▸ **What you are asked to do**: Within the material below, transcribe exactly the lines from the one holding "so on a simply" through the one holding "Rabs (fst p", keeping both ends and skipping the rest.

▸ **Data to examine**:
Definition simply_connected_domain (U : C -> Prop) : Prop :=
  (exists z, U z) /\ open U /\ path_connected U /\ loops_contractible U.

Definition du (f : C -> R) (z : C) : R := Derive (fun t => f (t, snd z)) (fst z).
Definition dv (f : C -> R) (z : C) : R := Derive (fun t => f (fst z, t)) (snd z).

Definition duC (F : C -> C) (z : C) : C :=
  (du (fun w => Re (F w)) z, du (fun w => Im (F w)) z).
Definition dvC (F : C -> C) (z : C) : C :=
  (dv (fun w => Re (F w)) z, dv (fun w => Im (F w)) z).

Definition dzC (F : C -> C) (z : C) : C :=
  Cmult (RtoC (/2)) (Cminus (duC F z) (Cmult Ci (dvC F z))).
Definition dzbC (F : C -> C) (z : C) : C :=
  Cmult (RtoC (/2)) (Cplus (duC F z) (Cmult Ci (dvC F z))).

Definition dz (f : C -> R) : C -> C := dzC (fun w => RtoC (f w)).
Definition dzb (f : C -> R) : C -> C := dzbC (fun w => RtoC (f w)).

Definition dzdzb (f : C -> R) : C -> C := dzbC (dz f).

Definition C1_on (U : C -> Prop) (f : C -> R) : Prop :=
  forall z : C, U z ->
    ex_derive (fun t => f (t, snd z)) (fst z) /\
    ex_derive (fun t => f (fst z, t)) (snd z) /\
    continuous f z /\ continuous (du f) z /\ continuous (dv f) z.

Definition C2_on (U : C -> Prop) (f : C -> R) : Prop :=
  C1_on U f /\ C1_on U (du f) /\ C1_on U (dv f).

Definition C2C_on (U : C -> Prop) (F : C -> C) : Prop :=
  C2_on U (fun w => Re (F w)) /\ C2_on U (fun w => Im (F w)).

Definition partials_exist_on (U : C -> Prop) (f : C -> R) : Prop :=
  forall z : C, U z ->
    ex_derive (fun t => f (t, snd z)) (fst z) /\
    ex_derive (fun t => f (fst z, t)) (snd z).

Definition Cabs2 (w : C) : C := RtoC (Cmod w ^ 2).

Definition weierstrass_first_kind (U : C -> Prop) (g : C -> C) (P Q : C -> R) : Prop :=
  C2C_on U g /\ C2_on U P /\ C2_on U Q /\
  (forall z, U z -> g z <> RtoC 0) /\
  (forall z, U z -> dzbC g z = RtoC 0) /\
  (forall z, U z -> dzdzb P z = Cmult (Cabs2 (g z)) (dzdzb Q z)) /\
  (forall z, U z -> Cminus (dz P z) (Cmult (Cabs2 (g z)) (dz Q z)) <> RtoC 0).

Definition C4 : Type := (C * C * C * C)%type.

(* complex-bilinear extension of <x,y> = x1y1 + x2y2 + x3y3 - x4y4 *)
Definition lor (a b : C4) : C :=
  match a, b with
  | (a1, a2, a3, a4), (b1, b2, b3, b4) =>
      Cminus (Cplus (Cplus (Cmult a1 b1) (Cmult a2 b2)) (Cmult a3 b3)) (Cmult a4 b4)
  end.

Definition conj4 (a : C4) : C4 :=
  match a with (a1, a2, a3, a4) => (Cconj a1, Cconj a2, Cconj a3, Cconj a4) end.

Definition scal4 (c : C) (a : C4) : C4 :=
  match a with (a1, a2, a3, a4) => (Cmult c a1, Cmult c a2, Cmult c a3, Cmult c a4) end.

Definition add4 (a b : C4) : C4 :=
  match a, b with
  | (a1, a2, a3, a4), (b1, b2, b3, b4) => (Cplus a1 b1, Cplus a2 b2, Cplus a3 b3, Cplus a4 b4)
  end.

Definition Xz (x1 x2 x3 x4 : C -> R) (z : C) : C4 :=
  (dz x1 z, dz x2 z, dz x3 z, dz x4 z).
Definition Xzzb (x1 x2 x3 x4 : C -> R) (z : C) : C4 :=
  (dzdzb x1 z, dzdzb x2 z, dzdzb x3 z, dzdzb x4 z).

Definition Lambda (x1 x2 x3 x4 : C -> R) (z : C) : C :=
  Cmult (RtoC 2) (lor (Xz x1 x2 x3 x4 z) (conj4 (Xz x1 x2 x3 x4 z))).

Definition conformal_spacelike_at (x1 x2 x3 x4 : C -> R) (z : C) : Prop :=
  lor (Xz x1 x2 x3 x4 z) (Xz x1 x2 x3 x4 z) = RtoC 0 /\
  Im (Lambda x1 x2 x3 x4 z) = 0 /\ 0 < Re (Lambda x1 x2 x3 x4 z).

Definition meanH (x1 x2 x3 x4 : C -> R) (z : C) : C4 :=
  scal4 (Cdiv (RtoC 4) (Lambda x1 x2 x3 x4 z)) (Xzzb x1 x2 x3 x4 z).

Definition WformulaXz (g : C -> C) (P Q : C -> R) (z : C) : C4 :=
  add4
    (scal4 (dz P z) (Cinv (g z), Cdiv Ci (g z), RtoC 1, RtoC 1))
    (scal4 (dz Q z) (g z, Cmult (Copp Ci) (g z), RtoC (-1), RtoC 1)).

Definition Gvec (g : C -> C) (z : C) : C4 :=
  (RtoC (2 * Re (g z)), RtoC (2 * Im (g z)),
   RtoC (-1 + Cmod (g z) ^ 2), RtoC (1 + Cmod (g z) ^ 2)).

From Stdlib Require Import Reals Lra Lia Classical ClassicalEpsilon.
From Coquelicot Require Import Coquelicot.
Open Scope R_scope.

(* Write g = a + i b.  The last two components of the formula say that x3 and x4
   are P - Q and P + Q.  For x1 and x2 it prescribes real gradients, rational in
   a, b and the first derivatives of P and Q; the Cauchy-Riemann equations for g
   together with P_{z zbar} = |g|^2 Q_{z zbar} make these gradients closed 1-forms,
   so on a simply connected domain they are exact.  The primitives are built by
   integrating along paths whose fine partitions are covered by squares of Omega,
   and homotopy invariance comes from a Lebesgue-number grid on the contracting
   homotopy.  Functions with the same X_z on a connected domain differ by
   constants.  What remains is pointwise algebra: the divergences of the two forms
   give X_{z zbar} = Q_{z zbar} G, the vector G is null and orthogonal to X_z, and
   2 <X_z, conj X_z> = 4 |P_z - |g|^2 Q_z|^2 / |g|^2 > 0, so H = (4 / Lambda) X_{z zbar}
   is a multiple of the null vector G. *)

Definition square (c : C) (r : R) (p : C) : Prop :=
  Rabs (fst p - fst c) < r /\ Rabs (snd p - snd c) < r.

---

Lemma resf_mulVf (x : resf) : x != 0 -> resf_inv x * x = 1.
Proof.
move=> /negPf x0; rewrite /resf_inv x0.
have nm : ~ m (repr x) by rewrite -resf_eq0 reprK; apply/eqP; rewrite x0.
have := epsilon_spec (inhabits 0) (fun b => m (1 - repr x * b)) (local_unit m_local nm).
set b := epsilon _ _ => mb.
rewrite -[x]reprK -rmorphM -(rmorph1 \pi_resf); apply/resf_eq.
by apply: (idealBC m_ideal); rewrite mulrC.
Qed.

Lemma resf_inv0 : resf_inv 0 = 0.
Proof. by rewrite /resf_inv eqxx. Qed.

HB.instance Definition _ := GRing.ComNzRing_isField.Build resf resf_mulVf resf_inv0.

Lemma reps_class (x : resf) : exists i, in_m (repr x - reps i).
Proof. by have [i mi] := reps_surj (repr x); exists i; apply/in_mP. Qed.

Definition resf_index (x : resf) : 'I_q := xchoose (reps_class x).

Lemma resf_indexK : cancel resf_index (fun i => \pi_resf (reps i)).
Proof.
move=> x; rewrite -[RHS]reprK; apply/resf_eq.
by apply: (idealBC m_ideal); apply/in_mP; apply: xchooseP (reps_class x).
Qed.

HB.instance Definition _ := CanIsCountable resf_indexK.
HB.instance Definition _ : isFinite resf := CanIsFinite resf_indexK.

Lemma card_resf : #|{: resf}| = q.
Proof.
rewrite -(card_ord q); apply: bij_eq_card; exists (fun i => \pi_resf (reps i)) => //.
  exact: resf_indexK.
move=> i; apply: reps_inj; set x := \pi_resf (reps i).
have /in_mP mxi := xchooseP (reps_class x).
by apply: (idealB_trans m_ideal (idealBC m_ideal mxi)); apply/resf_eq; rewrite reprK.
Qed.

▸ **Answer section**:
   so on a simply connected domain they are exact.  The primitives are built by
   integrating along paths whose fine partitions are covered by squares of Omega,
   and homotopy invariance comes from a Lebesgue-number grid on the contracting
   homotopy.  Functions with the same X_z on a connected domain differ by
   constants.  What remains is pointwise algebra: the divergences of the two forms
   give X_{z zbar} = Q_{z zbar} G, the vector G is null and orthogonal to X_z, and
   2 <X_z, conj X_z> = 4 |P_z - |g|^2 Q_z|^2 / |g|^2 > 0, so H = (4 / Lambda) X_{z zbar}
   is a multiple of the null vector G. *)

Definition square (c : C) (r : R) (p : C) : Prop :=
  Rabs (fst p - fst c) < r /\ Rabs (snd p - snd c) < r.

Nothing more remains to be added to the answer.